The team suspects this lizard might be a skink, but research is still underway. More examination, and more comparison, will tell.

Mysterious origins 

The second fossil has quite a different story. For the last few decades, it's lived in the collections of the Queen's University Natural History Museum in Ontario, Canada. While it was occasionally brought out for students to see, just like so many amber specimens, it had no associated data, meaning no one knew where it came from or how old it was. 

The lizard being studied by the Canadian team. It's well preserved inside the amber, but X-ray scans were needed to get more detail. Image: Corey Lablans

Recently, however, researchers were able to bring the specimen to a new X-ray microscopy scanner at McGill University in Montreal, providing a high-tech look at the lizard for the first time.

"Our palaeontology professor, he's been teaching this course for a good 20, maybe 30, years, and he brings in this amber sample at the start of every course," said undergraduate student Ellen Handyside while presenting research on the fossil at the same conference. "This year, he got to say, 'We're finally doing something with it!' which was really exciting."

With so much of the skin and skeleton preserved in this case, identification was pretty straightforward: it's a gecko, an ancient species with long toes, curved claws and seemingly no sticky foot pads (although these might simply not have been preserved).

A closer look, via X-ray microscopy scanning, of the Canadian team's lizard specimen, preserved in exquisite skeletal detail. Image: Rui Tahara and Hans Larsson

The big mystery with this lizard is what time and place it called home. Tracking a fossil back to its original provenance is tough, often impossible, but this research team thinks they might be able to do it by analysing the chemical composition of the amber.
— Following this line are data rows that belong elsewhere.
(* Let $G$ be a connected (finite, simple) graph. Then $G$ is (claw, bull)-free if and only if it belongs to one of the following (disjoint) classes of graphs: (i) the class of graphs which are expansions of paths of length at least four; (ii) the class of graphs which are expansions of cycles of length at least six; (iii) the class of connected graphs which are complements of triangle-free graphs.
   Context: A claw is a graph isomorphic to $K_{1,3}$. A bull is the graph obtained from a triangle by adding two pendant edges at two different vertices (so it has 5 vertices and 5 edges). A graph is (claw, bull)-free if it has no induced subgraph isomorphic to a claw or to a bull. An expansion of a graph $F$ with vertex set $\{v_1,\dots,v_n\}$ is any graph $H$ obtained from $F$ by replacing each vertex $v_i$ by a nonempty clique $K^{[i]}$, the cliques being pairwise vertex-disjoint, and adding all edges between $V(K^{[i]})$ and $V(K^{[j]})$ whenever $v_iv_j\in E(F)$ (and no other edges between different cliques). The length of a path is its number of edges. *)

From mathcomp Require Import all_boot.
Set Implicit Arguments. Unset Strict Implicit. Unset Printing Implicit Defensive.

Definition simple_graph (T : finType) (e : rel T) : Prop :=
  symmetric e /\ irreflexive e.

Definition connected_graph (T : finType) (e : rel T) : Prop :=
  0 < #|T| /\ forall x y : T, connect e x y.

Definition has_induced (k : nat) (f : rel 'I_k) (T : finType) (e : rel T) : Prop :=
  exists g : 'I_k -> T, injective g /\
    forall i j : 'I_k, i != j -> e (g i) (g j) = f i j.

Definition claw : rel 'I_4 :=
  fun i j => (i != j) && ((val i == 0) || (val j == 0)).

(* The bull: triangle 0,1,2 with pendant vertices 3 (at 0) and 4 (at 1). *)
Definition bull_edge (a b : nat) : bool :=
  [|| (a == 0) && (b == 1), (a == 0) && (b == 2), (a == 1) && (b == 2),
      (a == 0) && (b == 3) | (a == 1) && (b == 4)].
Definition bull : rel 'I_5 :=
  fun i j => bull_edge (val i) (val j) || bull_edge (val j) (val i).

Definition claw_bull_free (T : finType) (e : rel T) : Prop :=
  ~ has_induced claw e /\ ~ has_induced bull e.

(* Path with n vertices 0 - 1 - ... - (n-1), i.e. of length n-1. *)
Definition path_graph (n : nat) : rel 'I_n :=
  fun i j => (val i == (val j).+1) || (val j == (val i).+1).

(* Cycle with n vertices 0 - 1 - ... - (n-1) - 0 (length n, meaningful for n >= 3). *)
Definition cycle_graph (n : nat) : rel 'I_n :=
  fun i j => (val j == (val i).+1 %% n) || (val i == (val j).+1 %% n).

(* G = (T,e) is an expansion of F = ('I_n, f): T is partitioned by phi into the
   n nonempty classes phi^-1(i) (cliques K^[i]); two distinct vertices are
   adjacent iff they are in the same class, or in classes i, j with ij in E(F). *)
Definition expansion_of (n : nat) (f : rel 'I_n) (T : finType) (e : rel T) : Prop :=
  exists phi : T -> 'I_n,
    (forall i : 'I_n, exists x : T, phi x = i) /\
    (forall x y : T, x != y -> e x y = (phi x == phi y) || f (phi x) (phi y)).

Definition triangle_free (T : finType) (r : rel T) : Prop :=
  forall x y z : T, ~~ [&& r x y, r y z & r x z].

Definition complement (T : finType) (e : rel T) : rel T :=
  fun x y => (x != y) && ~~ e x y.

Definition class_i (T : finType) (e : rel T) : Prop :=
  exists L : nat, 4 <= L /\ @expansion_of L.+1 (@path_graph L.+1) T e.
Definition class_ii (T : finType) (e : rel T) : Prop :=
  exists L : nat, 6 <= L /\ @expansion_of L (@cycle_graph L) T e.
Definition class_iii (T : finType) (e : rel T) : Prop :=
  connected_graph e /\ triangle_free (complement e).

(* Sufficiency. Two vertices of one clique of an expansion have the same neighbours
   outside it, so the triangle of an induced bull lies in three distinct cliques forming
   a triangle of the base graph, and an induced claw gives a base vertex with three
   neighbours; paths and cycles of length at least four have neither. A claw and a bull
   both contain three pairwise non-adjacent vertices, which the complement of a
   triangle-free graph cannot have.
   Necessity. If G has three pairwise non-adjacent vertices, connectivity and claw- and
   bull-freeness yield an induced path on five vertices, i.e. a vertex set S inducing an
   expansion of a path with at least five cliques. A vertex outside S with a neighbour in
   S is complete to the cliques it meets, and these are either a window {k-1, k, k+1}, or
   one end clique, or both end cliques; in the first two cases S grows. When S cannot
   grow, either S is everything, or the vertices outside S all see exactly both end
   cliques, form one more clique, and close the path into a cycle of length at least six.
   Disjointness. The end cliques of a path expansion are simplicial, no vertex of a cycle
   expansion is, and in both expansions the cliques 0, 2, 4 are pairwise non-adjacent. *)

From mathcomp Require Import all_boot zify.
Set Implicit Arguments. Unset Strict Implicit. Unset Printing Implicit Defensive.

Lemma eq_succ_modn L a b : a < L ->
  (b == a.+1 %% L) = ((b == a.+1) && (a.+1 < L)) || ((b == 0) && (a.+1 == L)).
Proof.
move=> aL; have [lt_aL | ->] : a.+1 < L \/ a.+1 = L by lia.
  by rewrite modn_small //; lia.
by rewrite modnn; lia.
Qed.

Definition max_degree_two n (f : rel 'I_n) :=
  forall c a b d, f c a -> f c b -> f c d -> [|| a == b, a == d | b == d].

Lemma path_graph_triangle_free n : triangle_free (@path_graph n).
Proof. by move=> [i ?] [j ?] [k ?]; rewrite /path_graph /=; lia. Qed.

Lemma path_graph_max_degree_two n : max_degree_two (@path_graph n).
Proof. by move=> [c ?] [a ?] [b ?] [d ?]; rewrite -!val_eqE /path_graph /=; lia. Qed.

Lemma cycle_graph_triangle_free L : 4 <= L -> triangle_free (@cycle_graph L).
Proof.
move=> L4 [i /= iL] [j /= jL] [k /= kL].
by rewrite /cycle_graph /= !eq_succ_modn //; lia.
Qed.

Lemma cycle_graph_max_degree_two L : max_degree_two (@cycle_graph L).
Proof.
move=> [c /= cL] [a /= aL] [b /= bL] [d /= dL].
by rewrite /cycle_graph -!val_eqE /= !eq_succ_modn //; lia.
Qed.

Lemma cycle_graph_open_neighbourhood L (c : 'I_L) : 4 <= L -> exists a b : 'I_L,
  [/\ cycle_graph c a, cycle_graph c b, uniq [:: c; a; b] & ~~ cycle_graph a b].
Proof.
case: L c => [[]//|L] [c /= cL] L4.
have [a [b [aL bL nbrs]]] : exists a b, [/\ a <= L, b <= L &
    [&& (a == c.+1 %% L.+1) || (c == a.+1 %% L.+1), (b == c.+1 %% L.+1) || (c == b.+1 %% L.+1),
        [&& c != a, c != b & a != b] & ~~ ((b == a.+1 %% L.+1) || (a == b.+1 %% L.+1))]].
  have [c0|[cL'|cE]] : c = 0 \/ 0 < c < L \/ c = L by lia.
  - by exists 1, L; split; rewrite ?eq_succ_modn //; lia.
  - by exists c.+1, c.-1; split; rewrite ?eq_succ_modn //; lia.
  - by exists 0, c.-1; split; rewrite ?eq_succ_modn //; lia.
exists (inord a), (inord b); move: nbrs.
rewrite /cycle_graph /= !inE !negb_or -!val_eqE /= !inordK //.
by case/and4P=> -> -> /and3P[-> -> ->] ->.
Qed.

(** * Expansions and induced subgraphs *)

Section SimpleGraph.
Variables (T : finType) (e : rel T).
Hypotheses (esym : symmetric e) (eirr : irreflexive e).

Ltac edge := solve [ by [] | by rewrite esym | by apply/negbTE | by rewrite esym; apply/negbTE
  | by apply/negbT | by rewrite esym; apply/negbT ].

Lemma edge_neq x y : e x y -> x != y.
Proof. by apply: contraTneq => ->; rewrite eirr. Qed.

Lemma edge_nonedge_neq z x y : e z x -> ~~ e z y -> x != y.
Proof. by move=> ezx; apply: contraNneq => <-. Qed.

Lemma has_induced_nth k (f : rel 'I_k) (s : seq T) x0 : size s = k -> uniq s ->
  (forall i j : 'I_k, i != j -> e (nth x0 s i) (nth x0 s j) = f i j) -> has_induced f e.
Proof.
move=> size_s uniq_s sE; exists (fun i => nth x0 s i); split=> // i j /eqP.
by rewrite nth_uniq ?size_s // => /eqP/val_inj.
Qed.

(* Separates [x] from [y] by an edge, or by a vertex adjacent to exactly one of them. *)
Ltac neq := match goal with |- is_true (?x != ?y) => first
  [ done | by rewrite eq_sym | by apply: edge_neq; edge | by rewrite eq_sym; apply: edge_neq; edge
  | match goal with z : _ |- _ => by apply: (@edge_nonedge_neq z x y); edge end
  | match goal with z : _ |- _ => by rewrite eq_sym; apply: (@edge_nonedge_neq z y x); edge end ]
  end.

Ltac graph := solve [ edge | neq ].

Ltac distinct := rewrite /= !inE !negb_or ?andbT; repeat (apply/andP; split); neq.

Lemma claw_induced c a b d : e c a -> e c b -> e c d -> ~~ e a b -> ~~ e a d -> ~~ e b d ->
  a != b -> a != d -> b != d -> has_induced claw e.
Proof.
move=> ca cb cd ab ad bd nab nad nbd.
apply: (@has_induced_nth _ _ [:: c; a; b; d] c) => //; first by distinct.
by case=> [[|[|[|[|?]]]] ?] [[|[|[|[|?]]]] ?] //= _; rewrite /claw /=; edge.
Qed.

Lemma bull_induced a b c d f : e a b -> e a c -> e b c -> e a d -> e b f ->
  ~~ e a f -> ~~ e b d -> ~~ e c d -> ~~ e c f -> ~~ e d f -> has_induced bull e.
Proof.
move=> ab ac bc ad bf af bd cd cf df.
apply: (@has_induced_nth _ _ [:: a; b; c; d; f] a) => //; first by distinct.
by case=> [[|[|[|[|[|?]]]]] ?] [[|[|[|[|[|?]]]]] ?] //= _; rewrite /bull /bull_edge /=; edge.
Qed.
The chemistry of the amber matches what is expected from a warm, tropical environment, likely of the Neogene Period (less than 25 million years ago), which helps narrow down the specimen's age and habitat. "However, specifying that to Columbia or Malaysia or Mexico or the Dominican, that's where the trouble really is," Handyside said.

Read more: This amber find is an alien in the insect world

Zeroing in on the lizard's home requires comparing the chemistry of amber in different regions. So far, the researchers have found that this lizard's amber is a poor match for Baltic amber, and a better match for the Dominican, for example, but more data is still needed before they can pinpoint a fitting location.

It's a case of prehistoric forensics work, with scientists trying to trace the chemical evidence to the scene of the victim's death. And just like criminal investigators, they might also look to bugs for help: the same amber piece that trapped this lizard also captured an ancient spider, which might offer more clues to the habitat in which the amber formed.

Both reptilian mysteries are subjects of ongoing research, and when all is said and done, the two lizards' stories may become yet more intertwined: Handyside expressed her team's interest in reaching out to Daza for assistance. Perhaps a collaborative effort can help put these riddles to rest, eventually.